It seems to work for the moment. I will get back to you if I encounter
more problems :).

Cheers,
Doru

On 30 Nov 2009, at 16:43, Nicolas Cellier wrote:

> Currently default behaviour depends on LanguageEnvironment...
> ... which should have hacks depending on the underlying platform.
>
> So I agree with John: BEWARE.
> My workaround was not intended as a general fix, but just a helper
> for Tudor...
>
> Cheers
>
> Nicolas
>
> 2009/11/30 John M McIntosh <[hidden email]>:
>> Er, so what's the default behavior, does it mean that UTF-8
>> encoding files on
>> OS-X will open as ISO-8859-1 ?
>>
>>
>> On 2009-11-30, at 5:52 AM, Stéphane Ducasse wrote:
>>
>>> Doru
>>>
>>> we integrated the suggestion of nicolas as result of the discussion.
>>>
>>> Stef
>>>
>>> On Nov 30, 2009, at 12:11 PM, Tudor Girba wrote:
>>>
>>>> Hi,
>>>>
>>>> I know that there was a long discussion regarding opening of files,
>>>> but I did not see a resolution.
>>>>
>>>> I would like to be able to read files regardless of the encoding.
>>>> I am
>>>> using this code:
>>>> (CrLfFileStream readOnlyFileNamed: fullPath) contentsOfEntireFile"
>>>>
>>>> but I get an error when I reach a file in Latin 1 (ISO-8859-1).
>>
>> --
>> =
>> =
>> =
>> =
>> =
>> =
>> =====================================================================
>> John M. McIntosh <[hidden email]> Twitter:
>> squeaker68882
>> Corporate Smalltalk Consulting Ltd. http://www.smalltalkconsulting.com
>> =
>> =
>> =
>> =
>> =
>> =
>> =====================================================================
>>
>>
>>
>>
>>
>> _______________________________________________
>> Pharo-project mailing list
>> [hidden email]
>> http://lists.gforge.inria.fr/cgi-bin/mailman/listinfo/pharo-project
>>
>
> _______________________________________________
> Pharo-project mailing list
> [hidden email]
> http://lists.gforge.inria.fr/cgi-bin/mailman/listinfo/pharo-project

--
www.tudorgirba.com

"Problem solving should be concentrated on describing
the problem in a way that is relevant for the solution."

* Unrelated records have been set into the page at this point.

Lemma substate_exact (j : 'I_N) : exact_from j (settle_time j).
Proof.
suff: forall m, (j < m)%N -> exact_from j (settle_time j) by apply; apply: ltnSn.
move=> m; elim: m j => [|m IHm] j // lt_jm.
set D := (2 * (N - 1) * T)%N; set s0 := (\sum_(q < N | (q < j)%N) n q + j * D)%N.
have lower_exact (q : 'I_N) : (q < j)%N -> exact_from q s0.
  move=> lt_qj; apply: exact_from_le (IHm q (leq_trans lt_qj lt_jm)).
  apply: leq_add; last exact: leq_mul.
  by apply: (sub_le_big leqnn (fun x y => leq_addr y x)) => r le_rq; apply: leq_ltn_trans lt_qj.
have source_ok := source_exact (nilpotent_gain j) lower_exact.
have settle_jE : settle_time j = (s0 + n j + D)%N.
  have sumE : (\sum_(q < N | (q <= j)%N) n q = \sum_(q < N | (q < j)%N) n q + n j)%N.
    by rewrite (bigD1 j) //= addnC; congr (_ + _); apply: eq_bigl => q; rewrite andbC -ltn_neqAle.
  by rewrite /settle_time sumE mulSnr -/D; lia.
move=> k; rewrite settle_jE => le_k i; have [-> | ij] := eqVneq i j.
  by apply: source_ok; apply: leq_trans le_k; rewrite leq_addr.
have gt1N : (1 < N)%N.
  by move: (ltn_ord i) (ltn_ord j) ij; rewrite -val_eqE /= neq_ltn; lia.
by apply: (fresh_exact (leq_addr _ _) lower_exact source_ok); apply: fresh_since_everywhere.
Qed.

End FreshnessRun.

Theorem corollary1 (R : realFieldType) (N : nat) (n p : 'I_N -> nat)
    (A : forall j q : 'I_N, 'M[R]_(n j, n q))
    (C : forall i q : 'I_N, 'M[R]_(p i, n q))
    (E : nat -> rel 'I_N) (T : nat) :
  block_lower A -> block_lower C ->
  (forall j : 'I_N, observable (A j j) (C j j)) ->
  jointly_strongly_connected E T ->
  (exists L : forall j : 'I_N, 'M[R]_(n j, p j),
      forall j : 'I_N, nilpotent_mx (A j j - L j *m C j j)) /\
  (forall L : forall j : 'I_N, 'M[R]_(n j, p j),
     (forall j : 'I_N, nilpotent_mx (A j j - L j *m C j j)) ->
     forall (z : nat -> forall j : 'I_N, 'cV[R]_(n j))
            (tau : nat -> 'I_N -> 'I_N -> option nat)
            (zh : nat -> 'I_N -> forall j : 'I_N, 'cV[R]_(n j)),
       state_traj A z ->
       freshness_run A C E L z tau zh ->
       forall (k : nat) (i j : 'I_N),
         (\sum_(q < N) n q + 2 * N * (N - 1) * T <= k)%N ->
         zh k i j = z k j).
Proof.
(* Block triangularity is already built into the sums over q < j in the dynamics. *)
move=> _ _ observableA connected; split.
  have gain j : exists L : 'M[R]_(n j, p j), (A j j - L *m C j j) ^+ n j == 0.
    have [L nilL] := deadbeat_gain (observableA j).
    by exists L; rewrite nilpotent_mx_pow_size.
  by exists (fun j => xchoose (gain j)) => j; exists (n j); apply/eqP/(xchooseP (gain j)).
move=> L nilpotent_gain z tau zh traj run k i j le_k.
apply: (substate_exact run traj connected nilpotent_gain).
exact: leq_trans (settle_time_bound _ _ _) le_k.
Qed.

_______________________________________________
Pharo-project mailing list
[hidden email]
http://lists.gforge.inria.fr/cgi-bin/mailman/listinfo/pharo-project

Philippe Marschall-2-3

Re: file encodings

In reply to this post by Tudor Girba

Tudor Girba wrote:

> Hi Nicolas,
>
> Thanks for the tips.
>
> I am a bit alien to the topic of encodings, so I will ask a couple of
> silly questions.
>
> How exactly do I deal with another encoding? For example, why does
> this work with Utf-8, and what would I do if I encountered another
> encoding?
>
> Or more general, how can I find out what kind of converter I need for
> a given file?

Welcome to a world full of shit.

Executive summary: you're fucked.

To read a file as a String instead of a ByteArray you need a way to map
bytes to characters aka the file encoding. The problem is there is no
way of knowing what the file encoding is. There just isn't because the
operating system doesn't know and it does all the file handling. The
only thing that you can know is when a file is not UTF-8. That is when
you treat it as UTF-8 and get an UTF-8 error.

You can pretend the problem doesn't exist and just use a random encoding
aka the platform default encoding. That would work if all your files
were are created on your computer and all your programs used the
platform default encoding. E.g. you don't download stuff from the
internet or copy stuff off storage media (USB sticks, CDs, DVDs, ...).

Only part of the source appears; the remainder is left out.